- [REQUIREMENT]: Using the data below, show every line where the word "ltrgtP" occurs.

Stored data entries:
=-=-=-=-=

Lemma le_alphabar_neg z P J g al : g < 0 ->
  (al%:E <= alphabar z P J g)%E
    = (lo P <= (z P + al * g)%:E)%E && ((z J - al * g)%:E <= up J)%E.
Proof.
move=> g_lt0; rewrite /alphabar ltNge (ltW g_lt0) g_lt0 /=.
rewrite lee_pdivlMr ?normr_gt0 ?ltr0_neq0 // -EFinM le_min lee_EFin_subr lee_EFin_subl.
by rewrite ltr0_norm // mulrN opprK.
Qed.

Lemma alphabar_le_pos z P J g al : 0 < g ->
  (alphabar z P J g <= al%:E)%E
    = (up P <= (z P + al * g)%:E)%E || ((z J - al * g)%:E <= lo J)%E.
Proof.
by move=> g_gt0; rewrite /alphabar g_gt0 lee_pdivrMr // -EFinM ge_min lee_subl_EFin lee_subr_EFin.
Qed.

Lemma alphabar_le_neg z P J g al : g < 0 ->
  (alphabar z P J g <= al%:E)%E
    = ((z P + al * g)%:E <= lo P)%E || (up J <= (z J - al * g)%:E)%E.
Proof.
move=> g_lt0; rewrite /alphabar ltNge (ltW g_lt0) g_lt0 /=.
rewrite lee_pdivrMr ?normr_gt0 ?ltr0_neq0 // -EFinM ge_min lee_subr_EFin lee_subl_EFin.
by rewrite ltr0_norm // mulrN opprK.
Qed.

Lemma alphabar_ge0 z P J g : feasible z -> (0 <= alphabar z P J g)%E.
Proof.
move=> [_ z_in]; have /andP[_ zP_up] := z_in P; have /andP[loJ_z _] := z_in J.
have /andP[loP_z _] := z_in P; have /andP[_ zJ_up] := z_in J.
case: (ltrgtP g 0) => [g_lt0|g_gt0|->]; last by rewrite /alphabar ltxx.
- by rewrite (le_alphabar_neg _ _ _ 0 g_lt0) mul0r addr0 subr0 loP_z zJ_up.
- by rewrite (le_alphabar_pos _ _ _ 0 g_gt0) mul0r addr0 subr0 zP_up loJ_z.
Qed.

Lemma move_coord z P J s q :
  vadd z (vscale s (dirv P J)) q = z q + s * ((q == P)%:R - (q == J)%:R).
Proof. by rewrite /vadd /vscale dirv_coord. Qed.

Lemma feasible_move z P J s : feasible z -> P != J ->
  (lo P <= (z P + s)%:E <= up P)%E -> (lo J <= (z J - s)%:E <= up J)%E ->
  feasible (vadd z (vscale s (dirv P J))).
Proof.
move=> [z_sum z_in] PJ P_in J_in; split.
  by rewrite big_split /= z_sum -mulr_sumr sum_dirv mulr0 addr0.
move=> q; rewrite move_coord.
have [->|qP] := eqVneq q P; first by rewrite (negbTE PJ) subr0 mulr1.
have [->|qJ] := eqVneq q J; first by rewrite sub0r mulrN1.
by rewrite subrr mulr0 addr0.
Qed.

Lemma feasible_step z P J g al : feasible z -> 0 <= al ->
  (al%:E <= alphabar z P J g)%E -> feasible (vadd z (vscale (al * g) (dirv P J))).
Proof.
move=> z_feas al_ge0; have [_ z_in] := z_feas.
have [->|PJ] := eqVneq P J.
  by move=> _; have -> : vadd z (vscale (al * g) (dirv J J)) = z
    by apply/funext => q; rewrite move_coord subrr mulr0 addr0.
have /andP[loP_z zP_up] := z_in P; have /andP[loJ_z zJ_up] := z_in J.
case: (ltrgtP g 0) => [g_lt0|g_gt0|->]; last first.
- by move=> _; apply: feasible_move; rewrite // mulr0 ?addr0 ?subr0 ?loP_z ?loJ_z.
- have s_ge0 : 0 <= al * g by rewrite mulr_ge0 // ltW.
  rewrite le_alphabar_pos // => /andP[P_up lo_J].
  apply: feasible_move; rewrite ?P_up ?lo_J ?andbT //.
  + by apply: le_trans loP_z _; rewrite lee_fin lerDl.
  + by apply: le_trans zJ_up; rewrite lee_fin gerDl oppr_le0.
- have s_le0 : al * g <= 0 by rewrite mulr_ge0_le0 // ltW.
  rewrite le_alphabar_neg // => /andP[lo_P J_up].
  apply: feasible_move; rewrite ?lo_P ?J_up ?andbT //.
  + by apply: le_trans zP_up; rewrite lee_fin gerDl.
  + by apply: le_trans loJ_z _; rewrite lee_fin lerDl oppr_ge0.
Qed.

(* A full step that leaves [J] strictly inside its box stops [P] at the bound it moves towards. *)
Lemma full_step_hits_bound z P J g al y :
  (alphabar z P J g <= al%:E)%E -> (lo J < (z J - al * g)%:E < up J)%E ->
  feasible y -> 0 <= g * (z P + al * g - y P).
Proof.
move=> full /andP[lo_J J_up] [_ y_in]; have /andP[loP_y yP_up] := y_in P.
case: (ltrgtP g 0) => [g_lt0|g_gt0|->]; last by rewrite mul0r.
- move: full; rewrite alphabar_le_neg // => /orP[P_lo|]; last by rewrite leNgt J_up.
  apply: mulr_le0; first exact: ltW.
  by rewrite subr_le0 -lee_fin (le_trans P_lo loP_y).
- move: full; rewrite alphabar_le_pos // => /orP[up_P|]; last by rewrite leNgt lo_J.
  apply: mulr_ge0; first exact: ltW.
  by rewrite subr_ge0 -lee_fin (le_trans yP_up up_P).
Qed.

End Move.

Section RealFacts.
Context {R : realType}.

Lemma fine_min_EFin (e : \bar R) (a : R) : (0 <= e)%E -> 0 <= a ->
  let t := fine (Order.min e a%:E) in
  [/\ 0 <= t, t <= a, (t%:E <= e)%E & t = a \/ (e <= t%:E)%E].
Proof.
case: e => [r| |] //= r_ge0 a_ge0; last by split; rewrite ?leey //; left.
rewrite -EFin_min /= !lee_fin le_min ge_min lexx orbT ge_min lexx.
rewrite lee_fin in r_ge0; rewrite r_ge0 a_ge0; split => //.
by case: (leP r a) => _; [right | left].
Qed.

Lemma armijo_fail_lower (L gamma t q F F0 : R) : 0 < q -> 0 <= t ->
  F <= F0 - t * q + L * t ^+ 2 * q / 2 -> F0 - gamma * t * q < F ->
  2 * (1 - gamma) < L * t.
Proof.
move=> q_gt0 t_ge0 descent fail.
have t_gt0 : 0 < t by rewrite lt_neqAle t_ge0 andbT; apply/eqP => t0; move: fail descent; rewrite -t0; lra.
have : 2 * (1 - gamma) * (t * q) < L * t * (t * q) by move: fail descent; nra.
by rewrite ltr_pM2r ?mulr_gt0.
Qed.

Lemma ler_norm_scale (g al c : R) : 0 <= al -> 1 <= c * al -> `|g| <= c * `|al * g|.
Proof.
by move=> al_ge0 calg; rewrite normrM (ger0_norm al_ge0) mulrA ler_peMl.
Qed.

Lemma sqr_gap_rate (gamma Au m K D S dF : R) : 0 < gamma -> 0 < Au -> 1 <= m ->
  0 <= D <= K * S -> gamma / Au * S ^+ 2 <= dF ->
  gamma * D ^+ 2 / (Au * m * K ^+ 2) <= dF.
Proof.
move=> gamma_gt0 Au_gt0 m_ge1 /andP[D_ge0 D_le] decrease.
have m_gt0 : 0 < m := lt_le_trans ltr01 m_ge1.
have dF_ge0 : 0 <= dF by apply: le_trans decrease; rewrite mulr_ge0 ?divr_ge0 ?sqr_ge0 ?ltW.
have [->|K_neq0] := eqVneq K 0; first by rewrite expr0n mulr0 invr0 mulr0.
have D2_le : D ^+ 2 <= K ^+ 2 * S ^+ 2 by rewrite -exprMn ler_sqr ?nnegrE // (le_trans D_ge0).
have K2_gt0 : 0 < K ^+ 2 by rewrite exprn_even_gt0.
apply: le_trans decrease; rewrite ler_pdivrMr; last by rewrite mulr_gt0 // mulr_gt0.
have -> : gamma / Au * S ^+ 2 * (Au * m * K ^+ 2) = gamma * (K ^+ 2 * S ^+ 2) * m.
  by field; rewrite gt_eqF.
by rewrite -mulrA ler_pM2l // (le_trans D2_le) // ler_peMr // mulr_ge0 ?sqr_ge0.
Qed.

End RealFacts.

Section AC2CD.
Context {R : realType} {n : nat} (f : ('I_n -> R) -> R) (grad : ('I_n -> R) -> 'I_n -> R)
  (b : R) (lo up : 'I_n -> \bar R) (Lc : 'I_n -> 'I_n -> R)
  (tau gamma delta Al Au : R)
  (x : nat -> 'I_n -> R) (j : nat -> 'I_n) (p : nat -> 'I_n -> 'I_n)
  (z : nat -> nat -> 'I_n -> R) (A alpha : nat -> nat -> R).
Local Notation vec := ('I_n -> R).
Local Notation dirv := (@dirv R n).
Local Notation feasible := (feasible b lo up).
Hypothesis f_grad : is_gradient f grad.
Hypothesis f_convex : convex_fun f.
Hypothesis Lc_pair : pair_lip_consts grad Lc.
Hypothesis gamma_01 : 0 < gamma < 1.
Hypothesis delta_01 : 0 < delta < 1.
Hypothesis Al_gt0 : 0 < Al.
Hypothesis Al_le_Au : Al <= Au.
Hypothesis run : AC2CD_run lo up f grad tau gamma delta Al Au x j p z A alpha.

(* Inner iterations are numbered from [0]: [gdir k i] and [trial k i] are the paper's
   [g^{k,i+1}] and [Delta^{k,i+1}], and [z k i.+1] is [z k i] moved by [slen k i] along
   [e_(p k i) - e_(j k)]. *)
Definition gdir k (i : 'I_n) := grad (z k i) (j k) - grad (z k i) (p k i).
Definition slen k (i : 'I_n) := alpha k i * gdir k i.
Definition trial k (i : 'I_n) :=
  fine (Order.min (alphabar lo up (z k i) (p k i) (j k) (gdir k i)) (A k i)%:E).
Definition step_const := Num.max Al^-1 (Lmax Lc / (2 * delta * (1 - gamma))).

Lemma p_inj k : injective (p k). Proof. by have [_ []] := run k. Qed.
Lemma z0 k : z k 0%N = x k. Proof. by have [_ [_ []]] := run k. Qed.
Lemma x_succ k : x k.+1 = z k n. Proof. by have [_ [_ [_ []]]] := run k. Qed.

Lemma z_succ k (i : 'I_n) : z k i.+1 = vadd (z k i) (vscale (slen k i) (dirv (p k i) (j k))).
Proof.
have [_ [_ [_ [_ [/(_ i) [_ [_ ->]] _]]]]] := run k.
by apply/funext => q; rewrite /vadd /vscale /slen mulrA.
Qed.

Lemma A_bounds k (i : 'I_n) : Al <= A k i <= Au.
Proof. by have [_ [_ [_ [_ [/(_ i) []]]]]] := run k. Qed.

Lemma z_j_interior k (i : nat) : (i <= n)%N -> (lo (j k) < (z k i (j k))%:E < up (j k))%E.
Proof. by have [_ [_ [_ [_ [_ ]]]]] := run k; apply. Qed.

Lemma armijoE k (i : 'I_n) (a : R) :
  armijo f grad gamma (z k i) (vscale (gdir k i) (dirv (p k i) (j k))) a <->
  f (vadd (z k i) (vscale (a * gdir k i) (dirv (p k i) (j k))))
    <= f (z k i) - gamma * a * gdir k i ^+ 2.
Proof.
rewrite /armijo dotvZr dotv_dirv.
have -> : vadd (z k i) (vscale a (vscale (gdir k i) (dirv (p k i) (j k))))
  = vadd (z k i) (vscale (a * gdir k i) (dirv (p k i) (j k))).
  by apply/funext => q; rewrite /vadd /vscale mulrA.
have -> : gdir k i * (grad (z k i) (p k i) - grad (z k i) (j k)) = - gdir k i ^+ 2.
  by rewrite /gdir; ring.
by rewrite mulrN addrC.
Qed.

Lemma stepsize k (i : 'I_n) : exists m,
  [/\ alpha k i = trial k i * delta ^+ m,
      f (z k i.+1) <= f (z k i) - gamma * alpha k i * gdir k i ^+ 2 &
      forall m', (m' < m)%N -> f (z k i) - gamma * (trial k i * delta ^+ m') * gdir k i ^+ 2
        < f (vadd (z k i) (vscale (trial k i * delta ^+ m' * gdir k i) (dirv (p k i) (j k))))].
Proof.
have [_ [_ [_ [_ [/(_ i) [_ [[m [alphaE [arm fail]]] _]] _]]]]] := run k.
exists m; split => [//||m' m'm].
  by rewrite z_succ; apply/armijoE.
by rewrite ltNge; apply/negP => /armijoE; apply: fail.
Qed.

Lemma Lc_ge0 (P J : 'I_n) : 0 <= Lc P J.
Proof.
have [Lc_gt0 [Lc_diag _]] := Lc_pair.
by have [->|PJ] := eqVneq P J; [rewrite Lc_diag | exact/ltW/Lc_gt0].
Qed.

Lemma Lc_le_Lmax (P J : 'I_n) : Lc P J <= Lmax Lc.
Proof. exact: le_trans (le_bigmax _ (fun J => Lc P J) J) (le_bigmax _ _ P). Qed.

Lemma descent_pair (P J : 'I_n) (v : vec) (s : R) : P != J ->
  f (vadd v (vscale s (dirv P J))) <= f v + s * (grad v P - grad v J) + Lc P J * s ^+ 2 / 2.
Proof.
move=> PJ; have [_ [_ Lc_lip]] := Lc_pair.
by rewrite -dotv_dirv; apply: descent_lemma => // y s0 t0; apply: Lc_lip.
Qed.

=-=-=-=-=

- [PROBLEM SOLUTION]:
case: (ltrgtP g 0) => [g_lt0|g_gt0|->]; last by rewrite /alphabar ltxx.
case: (ltrgtP g 0) => [g_lt0|g_gt0|->]; last first.
case: (ltrgtP g 0) => [g_lt0|g_gt0|->]; last by rewrite mul0r.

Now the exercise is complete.